Once the Organism record is created, you can start adding map sets. To add these components to an organism data set, you need to use the add command (see Add) that requires a control file (see Control Files) that specifies how the data files should be processed.

In Persephone data model, a map set contains maps. Maps contain tracks. The map sets can be of two main kinds: genetic (linkage groups) and physical (based on sequence). To create map sets and maps for genomes that have genomic sequences, use the add sequence command. The control INI file for this kind of load will have all the necessary information to create map set with empty maps (no tracks yet). Each map set should have Display Name (MapSetName - unique label under parent node in the map set tree), MapSetAccession (unique across the entire database), OrganismId (existing in the database), the place in the map set tree and the source (the institution name that published the maps).
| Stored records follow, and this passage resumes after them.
(* Let $N\ge 2$ and let $\mathcal G$ be a connected undirected graph on $\{1,\dots,N\}$ with positive edge weights $b_{ij}$, with weighted Laplacian $L_B$ having eigenvalues $0=\lambda_1<\lambda_2\le\dots\le\lambda_N$. Let $m,\tau,k,\alpha,\gamma>0$. Then the systems $H_{\mathrm{std}}$ and $H_{\mathrm{DAPI}}$ (defined in the context) have finite $\mathcal H_2$ norms given by $$\|H_{\mathrm{std}}\|_2^2=\frac{\alpha}{2m}(N-1),$$ $$\|H_{\mathrm{DAPI}}\|_2^2=\frac{\alpha}{2m}\sum_{n=2}^N \frac{1}{1+\dfrac{\gamma\tau\lambda_n+k}{\gamma\lambda_n(\gamma\tau\lambda_n+k)+k^2 m\lambda_n}}.$$
   Context: $L_B$ is the weighted graph Laplacian: $(L_B)_{ii}=\sum_{j\sim i} b_{ij}$, $(L_B)_{ij}=-b_{ij}$ if $i\sim j$, $i\neq j$, and $0$ otherwise. Set $L_G=\alpha L_B$ (conductance Laplacian, uniform resistance-to-reactance ratio $\alpha$) and $L_C=\gamma L_B$ (communication Laplacian); $L_G^{1/2}$ is the unique positive semidefinite square root of $L_G$. $I$ is the $N\times N$ identity. Standard droop control system $H_{\mathrm{std}}$: state $(\theta,\omega)\in\mathbb R^{2N}$, input $w\in\mathbb R^N$, output $y\in\mathbb R^N$, $\dot\theta=\omega$, $\dot\omega=-\tfrac{m}{\tau}L_B\theta-\tfrac1\tau\omega+\tfrac1\tau w$, $y=L_G^{1/2}\theta$; i.e. $A_{\mathrm{std}}=\begin{bmatrix}0&I\\-\frac m\tau L_B&-\frac1\tau I\end{bmatrix}$, $B_{\mathrm{std}}=\begin{bmatrix}0\\ \frac1\tau I\end{bmatrix}$, $C_{\mathrm{std}}=\begin{bmatrix}L_G^{1/2}&0\end{bmatrix}$. Distributed averaging PI (DAPI) system $H_{\mathrm{DAPI}}$: state $(\theta,\omega,\Omega)\in\mathbb R^{3N}$, $\dot\theta=\omega$, $\dot\omega=-\tfrac m\tau L_B\theta-\tfrac1\tau\omega+\tfrac1\tau\Omega+\tfrac1\tau w$, $\dot\Omega=-\tfrac1k\omega-\tfrac1k L_C\Omega$, $y=L_G^{1/2}\theta$; i.e. $A_{\mathrm{DAPI}}=\begin{bmatrix}0&I&0\\-\frac m\tau L_B&-\frac1\tau I&\frac1\tau I\\0&-\frac1k I&-\frac1k L_C\end{bmatrix}$, $B_{\mathrm{DAPI}}=\begin{bmatrix}0\\\frac1\tau I\\0\end{bmatrix}$, $C_{\mathrm{DAPI}}=\begin{bmatrix}L_G^{1/2}&0&0\end{bmatrix}$. For a system $(A,B,C)$, $\|H\|_2^2:=\int_0^\infty \operatorname{tr}\big(Ce^{At}BB^Te^{A^Tt}C^T\big)\,dt$ (the zero mode of $L_B$ is unobservable from $y$). This quantity equals the steady-state expected value $\lim_{t\to\infty}\mathbb E[y^Ty]$ under unit white-noise input $w$, interpreted as expected transient resistive power loss $\theta^TL_G\theta$. *)

From Stdlib Require Import Reals Lra Lia Arith ClassicalEpsilon.
Open Scope R_scope.

Fixpoint rsum (n : nat) (f : nat -> R) : R :=
  match n with O => 0 | S n' => rsum n' f + f n' end.

Definition Mat := nat -> nat -> R.

Definition mmul (k : nat) (A B : Mat) : Mat :=
  fun i j => rsum k (fun l => A i l * B l j).
Definition mtr (A : Mat) : Mat := fun i j => A j i.
Definition mid : Mat := fun i j => if Nat.eqb i j then 1 else 0.
Definition mscale (c : R) (A : Mat) : Mat := fun i j => c * A i j.
Definition mzero : Mat := fun _ _ => 0.
Definition trace (n : nat) (A : Mat) : R := rsum n (fun i => A i i).

Definition meq (n m : nat) (A B : Mat) : Prop :=
  forall i j, (i < n)%nat -> (j < m)%nat -> A i j = B i j.

Fixpoint mpow (n : nat) (A : Mat) (k : nat) : Mat :=
  match k with O => mid | S k' => mmul n A (mpow n A k') end.

(* limit of a real sequence (chosen by classical choice; the true limit when it converges) *)
Definition lim (u : nat -> R) : R :=
  epsilon (inhabits 0) (fun l => Un_cv u l).

Definition mexp (n : nat) (A : Mat) (t : R) : Mat :=
  fun i j => lim (fun K => sum_f_R0 (fun k => t ^ k / INR (fact k) * mpow n A k i j) K).

Definition msym (n : nat) (A : Mat) : Prop := meq n n A (mtr A).
Definition mpsd (n : nat) (A : Mat) : Prop :=
  msym n A /\ forall x : nat -> R, 0 <= rsum n (fun i => rsum n (fun j => x i * A i j * x j)).

(* the positive semidefinite square root (unique when A is PSD) *)
Definition msqrt (n : nat) (A : Mat) : Mat :=
  epsilon (inhabits mzero) (fun S => mpsd n S /\ meq n n (mmul n S S) A).

Definition improper_int_0_inf (f : R -> R) (l : R) : Prop :=
  (forall T, 0 <= T -> exists pr : Riemann_integrable f 0 T, True) /\
  forall eps, 0 < eps -> exists T0, forall T (pr : Riemann_integrable f 0 T),
      T0 <= T -> Rabs (RiemannInt pr - l) < eps.

(* ||H||_2^2 = v  (finite) for the system (A,B,C) with state dim n, input dim p, output dim q *)
Definition H2sq_is (n p q : nat) (A B C : Mat) (v : R) : Prop :=
  improper_int_0_inf
    (fun t => trace q
       (mmul n (mmul p (mmul n (mmul n C (mexp n A t)) B) (mtr B))
               (mmul n (mexp n (mtr A) t) (mtr C)))) v.

(* block matrix with N x N blocks: F bi bj is the (bi,bj) block *)
Definition blk (N : nat) (F : nat -> nat -> Mat) : Mat :=
  fun i j => F (Nat.div i N) (Nat.div j N) (Nat.modulo i N) (Nat.modulo j N).

(* weighted graph Laplacian on {0..N-1}; b i j > 0 iff i ~ j (i <> j) *)
Definition lap (N : nat) (b : Mat) : Mat :=
  fun i j => if Nat.eqb i j then rsum N (fun l => if Nat.eqb l i then 0 else b i l)
             else - b i j.

Inductive reach (N : nat) (b : Mat) (i : nat) : nat -> Prop :=
| reach_refl : reach N b i i
| reach_step : forall j k, reach N b i j -> (j < N)%nat -> (k < N)%nat -> j <> k ->
    0 < b j k -> reach N b i k.

Definition connected (N : nat) (b : Mat) : Prop :=
  forall i j, (i < N)%nat -> (j < N)%nat -> reach N b i j.

Definition mdiag (d : nat -> R) : Mat := fun i j => if Nat.eqb i j then d i else 0.

(* lam 0, ..., lam (N-1) are the eigenvalues (with multiplicity) of the symmetric matrix L *)
Definition sym_eigenvalues (N : nat) (L : Mat) (lam : nat -> R) : Prop :=
  exists U : Mat, meq N N (mmul N (mtr U) U) mid /\
                  meq N N L (mmul N (mmul N U (mdiag lam)) (mtr U)).

Definition A_std (N : nat) (m tau : R) (LB : Mat) : Mat :=
  blk N (fun bi bj => match bi, bj with
    | 0, 1 => mid
    | 1, 0 => mscale (- (m / tau)) LB
    | 1, 1 => mscale (- (1 / tau)) mid
    | _, _ => mzero end)%nat.
Definition B_std (N : nat) (tau : R) : Mat :=
  blk N (fun bi bj => match bi, bj with
    | 1, 0 => mscale (1 / tau) mid
    | _, _ => mzero end)%nat.
Definition C_std (N : nat) (LG : Mat) : Mat :=
  blk N (fun bi bj => match bi, bj with
    | 0, 0 => msqrt N LG
    | _, _ => mzero end)%nat.

Definition A_dapi (N : nat) (m tau k : R) (LB LC : Mat) : Mat :=
  blk N (fun bi bj => match bi, bj with
    | 0, 1 => mid
    | 1, 0 => mscale (- (m / tau)) LB
    | 1, 1 => mscale (- (1 / tau)) mid
    | 1, 2 => mscale (1 / tau) mid
    | 2, 1 => mscale (- (1 / k)) mid
    | 2, 2 => mscale (- (1 / k)) LC
    | _, _ => mzero end)%nat.
Definition B_dapi (N : nat) (tau : R) : Mat :=
  blk N (fun bi bj => match bi, bj with
    | 1, 0 => mscale (1 / tau) mid
    | _, _ => mzero end)%nat.
Definition C_dapi (N : nat) (LG : Mat) : Mat :=
  blk N (fun bi bj => match bi, bj with
    | 0, 0 => msqrt N LG
    | _, _ => mzero end)%nat.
The map set is placed in a tree structure shown in Persephone main application on the left. The tree resembles folder structure, which suggests the way how to form the full path of a map set in the tree. For example, "/Arabidopsis thaliana/TAIR10" is a path to the map set TAIR10 placed under parent node "/Arabidopsis thaliana".

This section shows an example with the steps necessary to add a map set, maps, and sequences to Oryza sativa japonica in your Persephone database. For the full description of various parameters of the add sequence command please consult this page.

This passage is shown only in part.